**Exercise data**
****************************************

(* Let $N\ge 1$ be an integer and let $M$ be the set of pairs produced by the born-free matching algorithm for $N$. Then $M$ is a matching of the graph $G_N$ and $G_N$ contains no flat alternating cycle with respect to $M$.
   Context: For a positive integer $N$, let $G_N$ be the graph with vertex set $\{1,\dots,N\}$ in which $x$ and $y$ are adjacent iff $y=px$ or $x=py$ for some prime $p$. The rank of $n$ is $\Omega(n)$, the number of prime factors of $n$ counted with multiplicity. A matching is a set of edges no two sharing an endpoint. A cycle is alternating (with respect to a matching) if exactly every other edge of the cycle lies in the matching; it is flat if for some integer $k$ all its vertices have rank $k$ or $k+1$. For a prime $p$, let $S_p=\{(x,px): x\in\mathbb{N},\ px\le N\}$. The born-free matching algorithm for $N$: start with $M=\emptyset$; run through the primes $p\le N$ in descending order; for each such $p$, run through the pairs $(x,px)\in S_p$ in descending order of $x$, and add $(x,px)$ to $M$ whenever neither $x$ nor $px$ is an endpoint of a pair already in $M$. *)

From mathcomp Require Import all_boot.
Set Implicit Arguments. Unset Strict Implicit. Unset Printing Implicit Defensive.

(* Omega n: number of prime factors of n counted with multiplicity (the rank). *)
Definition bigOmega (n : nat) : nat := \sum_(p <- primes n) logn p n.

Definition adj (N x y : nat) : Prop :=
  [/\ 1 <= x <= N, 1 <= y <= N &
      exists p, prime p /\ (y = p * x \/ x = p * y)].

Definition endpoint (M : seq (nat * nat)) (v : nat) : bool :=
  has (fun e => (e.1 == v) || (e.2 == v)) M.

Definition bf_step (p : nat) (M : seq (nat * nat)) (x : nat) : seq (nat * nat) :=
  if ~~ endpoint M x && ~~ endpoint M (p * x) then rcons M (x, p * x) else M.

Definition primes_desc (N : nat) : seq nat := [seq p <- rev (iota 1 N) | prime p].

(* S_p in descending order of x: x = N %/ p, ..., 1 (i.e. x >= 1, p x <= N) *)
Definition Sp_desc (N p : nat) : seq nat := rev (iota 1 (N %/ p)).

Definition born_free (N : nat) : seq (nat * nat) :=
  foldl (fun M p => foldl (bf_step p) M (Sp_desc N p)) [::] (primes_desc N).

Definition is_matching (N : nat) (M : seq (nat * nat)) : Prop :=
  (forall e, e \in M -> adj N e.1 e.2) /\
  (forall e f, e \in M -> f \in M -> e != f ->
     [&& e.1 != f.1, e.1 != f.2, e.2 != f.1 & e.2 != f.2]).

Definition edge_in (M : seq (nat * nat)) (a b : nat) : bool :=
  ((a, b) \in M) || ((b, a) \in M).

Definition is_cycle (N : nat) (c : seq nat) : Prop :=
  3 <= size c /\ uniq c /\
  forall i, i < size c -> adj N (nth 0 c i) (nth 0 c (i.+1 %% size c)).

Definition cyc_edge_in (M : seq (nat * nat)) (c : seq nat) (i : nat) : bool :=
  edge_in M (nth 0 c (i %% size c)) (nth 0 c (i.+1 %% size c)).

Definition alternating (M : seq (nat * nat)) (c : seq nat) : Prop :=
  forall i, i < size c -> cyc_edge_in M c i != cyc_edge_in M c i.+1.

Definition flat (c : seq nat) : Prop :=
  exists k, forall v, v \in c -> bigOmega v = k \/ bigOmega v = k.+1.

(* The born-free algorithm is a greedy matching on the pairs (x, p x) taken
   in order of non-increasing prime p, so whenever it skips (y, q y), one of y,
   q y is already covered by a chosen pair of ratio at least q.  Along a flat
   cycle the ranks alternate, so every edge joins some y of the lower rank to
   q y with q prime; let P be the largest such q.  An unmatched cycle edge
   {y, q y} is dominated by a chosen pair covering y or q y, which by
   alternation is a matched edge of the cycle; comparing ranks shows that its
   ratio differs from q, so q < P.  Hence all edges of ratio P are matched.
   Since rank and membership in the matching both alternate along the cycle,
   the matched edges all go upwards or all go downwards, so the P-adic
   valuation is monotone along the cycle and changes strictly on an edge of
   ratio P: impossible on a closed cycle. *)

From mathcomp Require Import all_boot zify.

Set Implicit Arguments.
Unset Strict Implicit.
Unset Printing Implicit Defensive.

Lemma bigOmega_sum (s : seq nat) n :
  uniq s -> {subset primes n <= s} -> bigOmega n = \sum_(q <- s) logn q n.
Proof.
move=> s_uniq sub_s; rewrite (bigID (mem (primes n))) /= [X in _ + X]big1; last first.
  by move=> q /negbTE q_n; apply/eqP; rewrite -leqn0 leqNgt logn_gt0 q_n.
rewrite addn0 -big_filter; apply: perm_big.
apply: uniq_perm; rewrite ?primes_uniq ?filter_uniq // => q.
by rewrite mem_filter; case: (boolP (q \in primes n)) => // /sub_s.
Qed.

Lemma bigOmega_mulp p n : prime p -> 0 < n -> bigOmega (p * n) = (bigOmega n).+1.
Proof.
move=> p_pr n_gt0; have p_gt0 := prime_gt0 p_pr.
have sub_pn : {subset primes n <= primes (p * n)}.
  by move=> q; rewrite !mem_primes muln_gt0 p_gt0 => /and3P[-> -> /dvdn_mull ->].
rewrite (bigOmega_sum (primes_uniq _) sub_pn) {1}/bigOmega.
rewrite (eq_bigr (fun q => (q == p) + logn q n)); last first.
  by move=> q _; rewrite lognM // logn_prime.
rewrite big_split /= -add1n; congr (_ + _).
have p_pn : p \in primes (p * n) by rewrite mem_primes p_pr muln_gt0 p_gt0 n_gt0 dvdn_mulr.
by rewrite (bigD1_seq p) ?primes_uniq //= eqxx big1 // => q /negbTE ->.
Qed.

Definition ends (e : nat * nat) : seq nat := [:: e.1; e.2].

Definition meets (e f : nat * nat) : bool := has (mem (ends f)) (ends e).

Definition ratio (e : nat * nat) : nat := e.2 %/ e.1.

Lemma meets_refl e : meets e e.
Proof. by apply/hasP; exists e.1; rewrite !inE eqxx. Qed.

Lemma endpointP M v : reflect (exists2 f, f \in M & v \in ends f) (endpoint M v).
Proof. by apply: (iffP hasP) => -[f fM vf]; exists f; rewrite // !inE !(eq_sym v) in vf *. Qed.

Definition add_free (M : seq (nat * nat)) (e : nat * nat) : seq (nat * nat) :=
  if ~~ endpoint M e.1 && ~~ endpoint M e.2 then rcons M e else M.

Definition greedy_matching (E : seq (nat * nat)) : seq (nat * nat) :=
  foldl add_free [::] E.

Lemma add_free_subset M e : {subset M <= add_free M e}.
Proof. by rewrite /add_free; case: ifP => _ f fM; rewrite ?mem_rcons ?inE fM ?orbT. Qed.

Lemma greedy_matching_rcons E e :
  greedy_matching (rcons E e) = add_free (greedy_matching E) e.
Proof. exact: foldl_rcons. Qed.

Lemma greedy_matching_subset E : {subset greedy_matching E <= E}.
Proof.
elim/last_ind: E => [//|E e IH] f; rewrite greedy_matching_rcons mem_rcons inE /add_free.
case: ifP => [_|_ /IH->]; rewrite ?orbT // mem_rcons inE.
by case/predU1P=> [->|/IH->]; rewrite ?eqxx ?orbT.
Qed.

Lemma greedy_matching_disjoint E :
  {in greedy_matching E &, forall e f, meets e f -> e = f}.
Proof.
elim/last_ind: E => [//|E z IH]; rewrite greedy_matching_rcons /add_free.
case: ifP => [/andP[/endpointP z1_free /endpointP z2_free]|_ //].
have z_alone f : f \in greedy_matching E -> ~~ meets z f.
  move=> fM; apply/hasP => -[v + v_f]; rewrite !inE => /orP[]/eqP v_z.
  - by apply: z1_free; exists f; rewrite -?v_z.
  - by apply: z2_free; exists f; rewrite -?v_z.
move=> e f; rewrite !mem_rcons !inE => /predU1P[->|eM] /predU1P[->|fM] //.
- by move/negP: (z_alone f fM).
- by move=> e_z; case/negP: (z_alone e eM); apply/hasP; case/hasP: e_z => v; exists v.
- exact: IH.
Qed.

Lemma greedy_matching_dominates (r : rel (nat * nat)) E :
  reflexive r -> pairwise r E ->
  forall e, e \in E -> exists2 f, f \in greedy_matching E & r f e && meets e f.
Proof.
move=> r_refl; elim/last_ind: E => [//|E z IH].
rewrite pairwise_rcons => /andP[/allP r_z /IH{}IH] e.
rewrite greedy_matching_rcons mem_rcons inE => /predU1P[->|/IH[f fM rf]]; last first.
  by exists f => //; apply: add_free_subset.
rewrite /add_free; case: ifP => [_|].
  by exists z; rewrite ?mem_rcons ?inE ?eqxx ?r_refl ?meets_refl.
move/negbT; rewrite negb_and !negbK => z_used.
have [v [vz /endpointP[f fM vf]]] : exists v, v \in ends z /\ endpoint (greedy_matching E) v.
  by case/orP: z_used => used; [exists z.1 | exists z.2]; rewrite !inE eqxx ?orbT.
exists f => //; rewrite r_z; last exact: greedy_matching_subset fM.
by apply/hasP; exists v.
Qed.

****************************************

Exactly as written, copy the lines from the one containing "rewrite pairwise_rcons =>" to the end of the entries, both ends included.

**Exercise response**
rewrite pairwise_rcons => /andP[/allP r_z /IH{}IH] e.
rewrite greedy_matching_rcons mem_rcons inE => /predU1P[->|/IH[f fM rf]]; last first.
  by exists f => //; apply: add_free_subset.
rewrite /add_free; case: ifP => [_|].
  by exists z; rewrite ?mem_rcons ?inE ?eqxx ?r_refl ?meets_refl.
move/negbT; rewrite negb_and !negbK => z_used.
have [v [vz /endpointP[f fM vf]]] : exists v, v \in ends z /\ endpoint (greedy_matching E) v.
  by case/orP: z_used => used; [exists z.1 | exists z.2]; rewrite !inE eqxx ?orbT.
exists f => //; rewrite r_z; last exact: greedy_matching_subset fM.
by apply/hasP; exists v.
Qed.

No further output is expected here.